Firenze – Torna il giallo in Toscana e torna il Maggio. Il Maggio Musicale Fiorentino, dopo tanti mesi di attività svolta a sala vuota, finalmente inaugura lunedì 26 aprile 2021 alle ore 20, l’83esima edizione del Festival del Maggio Musicale Fiorentino aprendo finalmente le sue porte al pubblico. In programma un raffinato concerto sinfonico corale diretto dal maestro Daniele Gatti, sul podio a dirigere il Coro e l’Orchestra del Maggio Musicale Fiorentino. Il programma è interamente dedicato al compositore Igor Stravinskij, nel 50° anniversario dalla sua scomparsa, con la Symphonie de Psaumes e la Sinfonia in do. Maestro del Coro Lorenzo Fratini.

“Sono molto contento – ha dichiarato il Sovrintendente Alexander Pereira – è un momento molto felice, ma anche un momento programmato perché avevamo pensato all’aperura del Festival proprio il 26 aprile con questo concerto e il 27 con l’opera Adriana Lecouvreur. Sembra quasi che la programmazione l’abbia fatta il primo ministro Draghi: la sua riapertura coincide esattamente con quella del Maggio Musicale Fiorentino e io gli sono molto grato di questa “regia fantastica”. Noi abbiamo applicato le procedure di sicurezza, testato tutti i collaboratori del Teatro con, fin ora, più di 15mila test sierologici a tutti ogni settimana, abbiamo sempre rispettato il nostro cartellone mantenendo così l’eccellenza del Coro e dell’Orchestra, abbiamo registrato i nostri spettacoli e così siamo stati sempre pronti per riaprire quando sarebbe stato permesso: e adesso finalmente è arrivato il momento di accogliere nuovamente il pubblico e di andare in scena”. Inoltre, un annuncio straordinario, che riguarda la Tosca concertante che verrà portata al Festival di Salisburgo (tema del Festival “Roma”), ma che poi verrà ripetuta il 19 maggio a Firenze, per l’85esimo compleanno di Zubin Mehta.

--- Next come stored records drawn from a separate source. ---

(* Let $I$ be a monomial ideal of $R=K[x_1,\ldots,x_d]$ ($K$ a field) and let $r\in\mathbb{R}$, $r\ge0$. Let $\mathcal{S}(I,r)$ denote the set of lattice points in $\operatorname{hype}(I,r)$. Then (1) $\lceil r\cdot\operatorname{np}(I)\rceil:=\{(\lceil p_1\rceil,\ldots,\lceil p_d\rceil)\mid \mathbf{p}\in r\cdot\operatorname{np}(I)\}\subseteq\mathcal{S}(I,r)$; (2) $\overline{I^r}=(\{\mathbf{x}^{\mathbf{a}}\mid \mathbf{a}\in r\cdot NP(I)\cap\operatorname{hype}(I,r)\cap\mathbb{N}^d\})$.
   Context: $\mathbb{N}$ denotes the non-negative integers and $\mathbf{x}^{\mathbf{a}}=x_1^{a_1}\cdots x_d^{a_d}$. $G(I)$ is the minimal monomial generating set of $I$. $NP(I)$ is the convex hull in $\mathbb{R}^d$ of $\{\mathbf{a}\in\mathbb{N}^d\mid \mathbf{x}^{\mathbf{a}}\in I\}$ and $\operatorname{np}(I)$ is the convex hull of $\{\mathbf{a}\mid \mathbf{x}^{\mathbf{a}}\in G(I)\}$. For real $r\ge0$, $\overline{I^r}=(\{\mathbf{x}^{\mathbf{a}}\mid \mathbf{a}\in r\cdot NP(I)\cap\mathbb{N}^d\})$. Let $\mathcal{V}(I,r)=\{(\lceil ra_1\rceil,\ldots,\lceil ra_d\rceil)\mid \mathbf{x}^{\mathbf{a}}\in G(I)\}$, and for $1\le i\le d$ let $\min(\mathcal{V},i)=\min_{\alpha\in\mathcal{V}(I,r)}\alpha_i$ and $\max(\mathcal{V},i)=\max_{\alpha\in\mathcal{V}(I,r)}\alpha_i$. The hyperrectangle is $\operatorname{hype}(I,r)=\prod_{i=1}^d[\min(\mathcal{V},i),\max(\mathcal{V},i)]\subseteq\mathbb{R}^d$. *)

From mathcomp Require Import all_boot all_order all_algebra.
From mathcomp Require Import mpoly.
From mathcomp Require Import reals.
Set Implicit Arguments. Unset Strict Implicit. Unset Printing Implicit Defensive.
Import Order.TTheory GRing.Theory Num.Theory.
Local Open Scope ring_scope.

Section Defs.
Variables (K : fieldType) (d : nat) (R : realType).

Definition ideal_span (S : {mpoly K[d]} -> Prop) : {mpoly K[d]} -> Prop :=
  fun f => exists (n : nat) (c s : 'I_n -> {mpoly K[d]}),
    (forall i, S (s i)) /\ f = \sum_(i < n) c i * s i.

Definition monomial_span (A : 'X_{1..d} -> Prop) : {mpoly K[d]} -> Prop :=
  ideal_span (fun p => exists a, A a /\ p = 'X_[a]).

Definition is_monomial_ideal (I : {mpoly K[d]} -> Prop) : Prop :=
  exists A : 'X_{1..d} -> Prop, forall f, I f <-> monomial_span A f.

Definition mingens (I : {mpoly K[d]} -> Prop) (a : 'X_{1..d}) : Prop :=
  I 'X_[a] /\
  forall b : 'X_{1..d}, I 'X_[b] -> (forall j, (b j <= a j)%N) -> b = a.

Definition pt := 'I_d -> R.

Definition embed (a : 'X_{1..d}) : pt := fun j => ((a j)%:R : R).

Definition conv (S : pt -> Prop) : pt -> Prop :=
  fun p => exists (n : nat) (l : 'I_n -> R) (v : 'I_n -> pt),
    (forall i, 0 <= l i) /\ \sum_(i < n) l i = 1 /\ (forall i, S (v i)) /\
    forall j, p j = \sum_(i < n) l i * v i j.

Definition scale (r : R) (S : pt -> Prop) : pt -> Prop :=
  fun p => exists2 q, S q & forall j, p j = r * q j.

Definition NP (I : {mpoly K[d]} -> Prop) : pt -> Prop :=
  conv (fun p => exists a, I 'X_[a] /\ p = embed a).
Definition np (I : {mpoly K[d]} -> Prop) : pt -> Prop :=
  conv (fun p => exists a, mingens I a /\ p = embed a).

(* integral closure of I^r : generated by x^a with a in r NP(I) cap N^d *)
Definition intclos_pow (I : {mpoly K[d]} -> Prop) (r : R) : {mpoly K[d]} -> Prop :=
  monomial_span (fun a => scale r (NP I) (embed a)).

Definition Vset (I : {mpoly K[d]} -> Prop) (r : R) (alpha : 'I_d -> int) : Prop :=
  exists2 a, mingens I a & forall j, alpha j = Num.ceil (r * (a j)%:R).

(* hype(I,r) = prod_i [min(V,i), max(V,i)] : a point x lies in it iff for each
   i, some alpha in V has alpha_i <= x_i and some beta in V has x_i <= beta_i
   (V is finite, so this is exactly min(V,i) <= x_i <= max(V,i)). *)
Definition hype (I : {mpoly K[d]} -> Prop) (r : R) (x : pt) : Prop :=
  forall i : 'I_d,
    (exists2 alpha, Vset I r alpha & (alpha i)%:~R <= x i) /\
    (exists2 beta, Vset I r beta & x i <= (beta i)%:~R).

Definition Sset (I : {mpoly K[d]} -> Prop) (r : R) (z : 'I_d -> int) : Prop :=
  hype I r (fun j => (z j)%:~R).

End Defs.

(* Write a point of r np(I) as r q with q = sum_k l_k g_k a convex combination of
   minimal generators.  Each coordinate q_i lies between min_k g_k,i and max_k g_k,i,
   so ceil (r q_i) lies between the i-th coordinates of two points of V(I,r); this is (1).
   For (2), NP(I) = np(I) + R_{>=0}^d for a monomial ideal.  Given a = r p with p in
   NP(I), choose q in np(I) with q <= p and put b = ceil (r q): then b is in hype(I,r)
   by (1), r q <= b <= a, so b is in r NP(I) by upward closure, and x^b divides x^a. *)

From mathcomp Require Import all_boot all_order all_algebra.
From mathcomp Require Import mpoly.
From mathcomp Require Import reals.
From mathcomp Require Import ring.
From Stdlib Require Import Classical ClassicalEpsilon.
Set Implicit Arguments. Unset Strict Implicit. Unset Printing Implicit Defensive.
Import Order.TTheory GRing.Theory Num.Theory.
Local Open Scope ring_scope.

Arguments choice {A B R}.

Section ConvexHull.
Variables (d : nat) (R : realType) (S : pt d R -> Prop).

(* [conv S] is [poscomb 1] by conversion; arbitrary total weights make the
   hull lemmas provable by induction. *)
Definition poscomb (s : R) (p : pt d R) : Prop :=
  exists (n : nat) (l : 'I_n -> R) (v : 'I_n -> pt d R),
    (forall i, 0 <= l i) /\ \sum_(i < n) l i = s /\ (forall i, S (v i)) /\
    forall j, p j = \sum_(i < n) l i * v i j.

Lemma poscomb_eq s p q : poscomb s p -> p =1 q -> poscomb s q.
Proof.
move=> [n [l [v [l_ge0 [sum_l [Sv Ep]]]]]] Epq.
by exists n, l, v; split; [|split; [|split]] => // j; rewrite -Epq.
Qed.

Lemma poscomb0 : poscomb 0 (fun _ => 0).
Proof.
exists 0%N, (fun _ => 0), (fun _ _ => 0).
by split; [|split; [|split]] => [[]//||[]//|j]; rewrite big_ord0.
Qed.

Lemma poscomb_pt v : S v -> poscomb 1 v.
Proof.
move=> Sv; exists 1%N, (fun _ => 1), (fun _ => v).
by split; [|split; [|split]] => [_||//|j]; rewrite ?ler01 ?big_ord1 ?mul1r.
Qed.

Lemma poscombZ t s p : 0 <= t -> poscomb s p -> poscomb (t * s) (fun j => t * p j).
Proof.
move=> t_ge0 [n [l [v [l_ge0 [<- [Sv Ep]]]]]].
exists n, (fun i => t * l i), v; split; [|split; [|split]] => [i||//|j].
- exact: mulr_ge0.
- by rewrite mulr_sumr.
- by rewrite Ep mulr_sumr; apply: eq_bigr => i _; rewrite mulrA.
Qed.

Lemma poscombD s1 s2 p1 p2 :
  poscomb s1 p1 -> poscomb s2 p2 -> poscomb (s1 + s2) (fun j => p1 j + p2 j).
Proof.
move=> [n1 [l1 [v1 [l1_ge0 [<- [Sv1 Ep1]]]]]] [n2 [l2 [v2 [l2_ge0 [<- [Sv2 Ep2]]]]]].
pose glue T (f1 : 'I_n1 -> T) (f2 : 'I_n2 -> T) i :=
  match split i with inl i1 => f1 i1 | inr i2 => f2 i2 end.
have glue_sum (f1 : 'I_n1 -> R) f2 :
    \sum_i glue _ f1 f2 i = \sum_i f1 i + \sum_i f2 i.
  rewrite big_split_ord; congr (_ + _); apply: eq_bigr => i _.
  - by rewrite /glue (unsplitK (inl i)).
  - by rewrite /glue (unsplitK (inr i)).
exists (n1 + n2)%N, (glue _ l1 l2), (glue _ v1 v2).
split; [|split; [|split]] => [i||i|j].
- by rewrite /glue; case: split.
- exact: glue_sum.
- by rewrite /glue; case: split.
- rewrite Ep1 Ep2 -glue_sum; apply: eq_bigr => i _.
  by rewrite /glue; case: split.
Qed.

Lemma poscomb_sum n (l s : 'I_n -> R) (w : 'I_n -> pt d R) :
  (forall k, 0 <= l k) -> (forall k, poscomb (s k) (w k)) ->
  poscomb (\sum_(k < n) l k * s k) (fun j => \sum_(k < n) l k * w k j).
Proof.
elim: n l s w => [|n IH] l s w l_ge0 w_comb.
  by rewrite big_ord0; apply: poscomb_eq poscomb0 _ => j; rewrite big_ord0.
rewrite big_ord_recr; apply: poscomb_eq; last by move=> j; rewrite big_ord_recr.
exact: poscombD (IH _ _ _ (fun k => l_ge0 _) (fun k => w_comb _))
               (poscombZ (l_ge0 ord_max) (w_comb ord_max)).
Qed.

Lemma conv_eq p q : conv S p -> p =1 q -> conv S q.
Proof. exact: poscomb_eq. Qed.

Lemma conv_pt v : S v -> conv S v.
Proof. exact: poscomb_pt. Qed.

Lemma conv_comb n (l : 'I_n -> R) (w : 'I_n -> pt d R) :
  (forall k, 0 <= l k) -> \sum_(k < n) l k = 1 -> (forall k, conv S (w k)) ->
  conv S (fun j => \sum_(k < n) l k * w k j).
Proof.
move=> l_ge0 sum_l w_conv; have := poscomb_sum l_ge0 w_conv.
by under eq_bigr do rewrite mulr1; rewrite sum_l.
Qed.

Lemma conv_convex t p q : 0 <= t <= 1 -> conv S p -> conv S q ->
  conv S (fun j => (1 - t) * p j + t * q j).
Proof.
move=> /andP[t_ge0 t_le1] Sp Sq.
have t'_ge0 : 0 <= 1 - t by rewrite subr_ge0.
have := poscombD (poscombZ t'_ge0 Sp) (poscombZ t_ge0 Sq).
by rewrite !mulr1 subrK.
Qed.

Lemma conv_translate c p : (forall v, S v -> conv S (fun j => v j + c j)) ->
  conv S p -> conv S (fun j => p j + c j).
Proof.
move=> S_translate [n [l [v [l_ge0 [sum_l [Sv Ep]]]]]].
apply: conv_eq (conv_comb l_ge0 sum_l (fun k => S_translate _ (Sv k))) _ => j.
rewrite Ep /=; under eq_bigr do rewrite mulrDr.
by rewrite big_split -mulr_suml sum_l mul1r.
Qed.

Lemma conv_sub (T : pt d R -> Prop) p : (forall v, S v -> T v) -> conv S p -> conv T p.
Proof.
move=> ST [n [l [v [l_ge0 [sum_l [Sv Ep]]]]]].
by exists n, l, v; split; [|split; [|split]] => // i; apply: ST.
Qed.

Lemma conv_ge0 j p : (forall v, S v -> 0 <= v j) -> conv S p -> 0 <= p j.
Proof.
move=> S_ge0 [n [l [v [l_ge0 [_ [Sv ->]]]]]].
by apply: sumr_ge0 => k _; rewrite mulr_ge0 ?l_ge0 ?S_ge0.
Qed.
Lemma closed_reeb_period_of_conormal (rho : R -> R) M (k1 k2 : Z) :
  (forall th, bcurve rho th = bcurve rho M -> dot (IZR k1, IZR k2) (bcurve' rho th) = 0) ->
  0 < dot (IZR k1, IZR k2) (bcurve rho M) ->
  closed_reeb_period rho (dot (IZR k1, IZR k2) (bcurve rho M)).
Proof.
  set (k := (IZR k1, IZR k2)). set (p := bcurve rho M). set (T := dot k p).
  intros Hcrit HT. assert (HT0 : T <> 0) by lra. split; [exact HT|].
  exists (fun t => t * IZR k1 / T), (fun t => t * IZR k2 / T),
    (fun _ => fst p), (fun _ => snd p), k1, k2.
  split; [|split; [|split; [|split]]]; try reflexivity; try (field; exact HT0).
  intros t. split; [exists M; symmetry; apply surjective_pairing|].
  exists (IZR k1 / T), (IZR k2 / T), 0, 0.
  split; [auto_derive; [exact I|field; exact HT0]|].
  split; [auto_derive; [exact I|field; exact HT0]|].
  split; [auto_derive; [exact I|ring]|].
  split; [auto_derive; [exact I|ring]|].
  split.
  - unfold lambda_can; simpl. transitivity (T / T); [|field; exact HT0].
    change (fst p * (IZR k1 / T) + snd p * (IZR k2 / T) = dot k p / T).
    unfold dot, k; simpl. field. exact HT0.
  - intros al w [th [s [Hth ->]]].
    assert (Hk : dot k (bcurve' rho th) = 0) by (apply Hcrit; rewrite <- Hth; now destruct p).
    set (tau := bcurve' rho th) in *. unfold dlambda; simpl.
    transitivity (- (s / T) * dot k tau); [unfold dot, k; simpl; field; exact HT0|].
    rewrite Hk. ring.
Qed.

(* Every parameter of the maximising boundary point is itself a maximiser, hence
   critical, as closed_reeb_period_of_conormal requires. *)
Lemma closed_reeb_period_max (rho : R -> R) (k1 k2 : Z) : radial_function rho ->
  (IZR k1, IZR k2) <> (0, 0) ->
  exists M, closed_reeb_period rho (dot (IZR k1, IZR k2) (bcurve rho M)).
Proof.
  intros [Hsm [Hpos Hper]] Hk. set (k := (IZR k1, IZR k2)) in *.
  set (f := fun th => dot k (bcurve rho th)).
  assert (Df : forall th, is_derive f th (dot k (bcurve' rho th)))
    by (intros; now apply is_derive_dot_bcurve).
  destruct (periodic_continuous_max f) as [M HM].
  - intros x. apply derivable_continuous_pt. eexists. apply is_derive_Reals, Df.
  - intros x. unfold f, bcurve. now rewrite Hper, cos_plus_2PI, sin_plus_2PI.
  - exists M. apply closed_reeb_period_of_conormal.
    + intros th Hth. change (dot k (bcurve' rho th) = 0).
      assert (pr : derivable_pt f th) by (eexists; apply is_derive_Reals, Df).
      rewrite <- (derive_pt_eq_0 f th _ pr (proj1 (is_derive_Reals _ _ _) (Df th))).
      apply (deriv_maximum f (th - 1) (th + 1) th pr); try lra.
      intros x _ _. unfold f at 2. rewrite Hth. apply HM.
    + change (0 < f M). destruct (exists_dot_unit_pos k Hk) as [th Hth].
      apply Rlt_le_trans with (f th); [|apply HM].
      unfold f, dot, bcurve in *; simpl in *. specialize (Hpos th). nra.
Qed.

Lemma star_domain_beyond_tangent_radial (rho : R -> R) th0 d : radial_function rho ->
  cross (cos th0, sin th0) d = 0 -> cross (bcurve' rho th0) d < 0 ->
  ~ star_domain rho (fst (bcurve rho th0) + fst d, snd (bcurve rho th0) + snd d).
Proof.
  intros Hr HD Hout Hx. pose proof Hr as [_ [Hpos _]].
  destruct d as [d1 d2]. unfold cross, bcurve, bcurve' in *; simpl in *.
  pose proof (sin2_cos2 th0) as C. unfold Rsqr in C.
  set (e := cos th0 * d1 + sin th0 * d2).
  assert (E1 : d1 = e * cos th0).
  { transitivity (d1 * (sin th0 * sin th0 + cos th0 * cos th0)); [rewrite C; ring|].
    transitivity (e * cos th0 - sin th0 * (cos th0 * d2 - sin th0 * d1)); [unfold e; ring|].
    rewrite HD. ring. }
  assert (E2 : d2 = e * sin th0).
  { transitivity (d2 * (sin th0 * sin th0 + cos th0 * cos th0)); [rewrite C; ring|].
    transitivity (e * sin th0 + cos th0 * (cos th0 * d2 - sin th0 * d1)); [unfold e; ring|].
    rewrite HD. ring. }
  assert (He : 0 < e).
  { assert (- (e * rho th0) < 0).
    { replace (- (e * rho th0)) with (- (e * rho th0) * (sin th0 * sin th0 + cos th0 * cos th0))
        by (rewrite C; ring).
      rewrite E1, E2 in Hout. eapply Rle_lt_trans; [|exact Hout]. right. ring. }
    specialize (Hpos th0). nra. }
  assert (Hle : rho th0 + e <= rho th0).
  { apply (polar_radius_le rho _ th0 Hr); [specialize (Hpos th0); lra|].
    replace ((rho th0 + e) * cos th0, (rho th0 + e) * sin th0)
      with (rho th0 * cos th0 + d1, rho th0 * sin th0 + d2) by (rewrite E1, E2; f_equal; ring).
    exact Hx. }
  lra.
Qed.

(* Cramer's rule for the intersection of the segment [P, P + d], P = r0 u(th0),
   with the ray of direction u(phi). *)
Lemma segment_ray_intersection r0 th0 phi d1 d2 :
  cross (cos phi, sin phi) (d1, d2) <> 0 ->
  let t := r0 * sin (phi - th0) / cross (cos phi, sin phi) (d1, d2) in
  let s := r0 * cross (cos th0, sin th0) (d1, d2) / cross (cos phi, sin phi) (d1, d2) in
  (s * cos phi, s * sin phi) =
  ((1 - t) * (r0 * cos th0) + t * (r0 * cos th0 + d1),
   (1 - t) * (r0 * sin th0) + t * (r0 * sin th0 + d2)).
Proof.
  intros HE t s. unfold t, s, cross in *; simpl in *. rewrite sin_minus.
  f_equal; field; exact HE.
Qed.

(* Turning the angle from th0 towards the side of d, the ray of angle phi meets the
   segment [c(th0), c(th0) + d] at a radius s > rho phi, contradicting convexity. *)
Lemma star_domain_beyond_tangent_transversal (rho : R -> R) th0 d :
  radial_function rho -> convex2 (star_domain rho) ->
  cross (cos th0, sin th0) d <> 0 -> cross (bcurve' rho th0) d < 0 ->
  ~ star_domain rho (fst (bcurve rho th0) + fst d, snd (bcurve rho th0) + snd d).
Proof.
  intros Hr Hconv HD Hout Hx. pose proof Hr as [Hsm [Hpos _]].
  destruct d as [d1 d2].
  set (r0 := rho th0). assert (Hr0 : 0 < r0) by apply Hpos.
  set (D := cross (cos th0, sin th0) (d1, d2)) in *.
  set (E := fun phi => cross (cos phi, sin phi) (d1, d2)).
  set (t := fun phi => r0 * sin (phi - th0) / E phi).
  set (H := fun phi => r0 * D - rho phi * E phi).
  set (G := fun phi => D * t phi).
  assert (DH : is_derive H th0 (- cross (bcurve' rho th0) (d1, d2))).
  { unfold H, E, D, cross; simpl. auto_derive; [apply (Hsm 1%nat)|].
    change (Derive (fun x => rho x) th0) with (Derive rho th0). ring. }
  assert (DE : is_derive E th0 (- (cos th0 * d1 + sin th0 * d2))).
  { unfold E, cross; simpl. auto_derive; [exact I|ring]. }
  assert (DG : is_derive G th0 r0).
  { unfold G, t, E, D, cross; simpl. auto_derive.
    - intros Z. apply HD. unfold D, cross; simpl. lra.
    - replace (th0 + - th0) with 0 by ring. rewrite sin_0, cos_0. field.
      intros Z. apply HD. unfold D, cross; simpl. lra. }
  assert (H0 : H th0 = 0) by (unfold H, E; fold D r0; ring).
  assert (G0 : G th0 = 0) by (unfold G, t; rewrite Rminus_diag, sin_0; unfold Rdiv; ring).
  destruct (exists_near_same_sign H G E th0 D _ _ _ DH ltac:(lra) H0 DG Hr0 G0 DE eq_refl HD)
    as [phi [HHD [HGD [HED HGabs]]]].
  assert (HDD : 0 < D * D) by (apply Rsqr_pos_lt, HD).
  assert (HE0 : E phi <> 0) by (intros E0; rewrite E0 in HED; lra).
  set (s := r0 * D / E phi).
  assert (Ht : 0 <= t phi <= 1).
  { replace (t phi) with (G phi / D) by (unfold G; field; exact HD).
    split; [apply Rlt_le, (Rdiv_pos_same_sign _ _ D); assumption|].
    apply Rlt_le, Rdiv_lt_1_of_Rabs_lt; assumption. }
  assert (Hs : 0 < s).
  { apply (Rdiv_pos_same_sign _ _ D); [|exact HED].
    rewrite Rmult_assoc. now apply Rmult_lt_0_compat. }
  assert (Hbeyond : 0 < s - rho phi).
  { replace (s - rho phi) with (H phi / E phi) by (unfold s, H; field; exact HE0).
    now apply (Rdiv_pos_same_sign _ _ D). }
  assert (HP : star_domain rho (bcurve rho th0)).
  { exists r0, th0. split; [split; [lra|apply Rle_refl]|reflexivity]. }
  pose proof (Hconv _ _ (t phi) HP Hx Ht) as Hseg.
  match type of Hseg with star_domain _ ?pt =>
    replace pt with (s * cos phi, s * sin phi) in Hseg
      by exact (segment_ray_intersection r0 th0 phi d1 d2 HE0) end.
  pose proof (polar_radius_le rho s phi Hr Hs Hseg). lra.
Qed.
Lemma grassmannian_shuffleP n (s : 'S_n) : grassmannian s -> exists A, s = shuffle A.
Proof.
move=> grass_s; suff [c le_cn des_c] : exists2 c, c <= n &
    forall i j : 'I_n, j = i.+1 :> nat -> s j < s i -> j = c :> nat.
  by exists [set x | (s^-1)%g x < c]; apply: shuffle_blocks.
move: grass_s; rewrite /grassmannian /ndes leq_eqVlt ltnS leqn0.
case/orP => [/cards1P[d des_d]|/eqP/cards0_eq no_des].
  exists d.+1 => [|i j ji lt_ji]; first exact: ltn_ord.
  have : i \in descents s by apply/descentsP; exists j.
  by rewrite des_d inE ji => /eqP->.
exists 0 => // i j ji lt_ji.
have : i \in descents s by apply/descentsP; exists j.
by rewrite no_des inE.
Qed.

Lemma shuffle_inj n (A B : {set 'I_n}) : shuffle A != 1%g -> shuffle A = shuffle B -> A = B.
Proof.
move=> ne1 eq_AB.
have [i /descentsP[j ji lt_ji]] : exists i, i \in descents (shuffle A).
  by apply/set0Pn; apply: contra ne1 => /eqP/descents_eq0/eqP.
have cardAB : #|A| = #|B|.
  by rewrite -(shuffle_descent ji lt_ji); apply: (shuffle_descent ji); rewrite -eq_AB.
have srankAB x : srank A x = srank B x.
  by rewrite -[x](permKV (shuffle A)) srank_shuffle {2}eq_AB srank_shuffle.
by apply/setP => x; rewrite -srank_lt_card srankAB cardAB srank_lt_card.
Qed.

Lemma cards_eq0_forall (T : finType) (P : pred T) :
  (#|[set z | P z]| == 0) = [forall z, ~~ P z].
Proof.
rewrite cards_eq0; apply/eqP/forallP => [/setP eq0 z|noP].
  by have := eq0 z; rewrite !inE => ->.
by apply/setP => z; rewrite !inE (negbTE (noP z)).
Qed.

Lemma card_below_split n (A : {set 'I_n}) (x : 'I_n) :
  #|[set z in A | z < x]| + #|[set z in ~: A | z < x]| = x.
Proof.
rewrite -[RHS](card_ord_lt x) -(cardsID A [set z : 'I_n | z < x]).
by congr (_ + _); apply: eq_card => z; rewrite !inE andbC.
Qed.

Section LeadTrail.
Variable n : nat.
Implicit Types (A : {set 'I_n}).

Definition lead A : nat := #|[set x in A | [forall z : 'I_n, (z < x) ==> (z \in A)]]|.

Il maestro Daniele Gatti torna nuovamente al Maggio dopo il concerto sinfonico di Pasqua dello scorso 3 aprile 2021, che è ancora possibile vedere in streaming sul sito del Maggio (e che ha già registrato più di 14.000 visualizzazioni). “Per me è un grande piacere tornare ed essere qui al Maggio per inaugurare il Festival in un momento che comunque è ancora di difficoltà: è più di un anno che la musica prosegue a singhiozzo, però non è mai morta. Anche se i concerti e gli spettacoli venivano eseguiti senza pubblico, anche se abbiamo avuto il sostegno, non soltanto delle reti nazionali, della Rai e privati, ci siamo tutti battuti affinché la musica non abdicasse di fronte al virus e se riusciamo ad avere il pubblico il giorno 26 è il simbolo di una grande vittoria”.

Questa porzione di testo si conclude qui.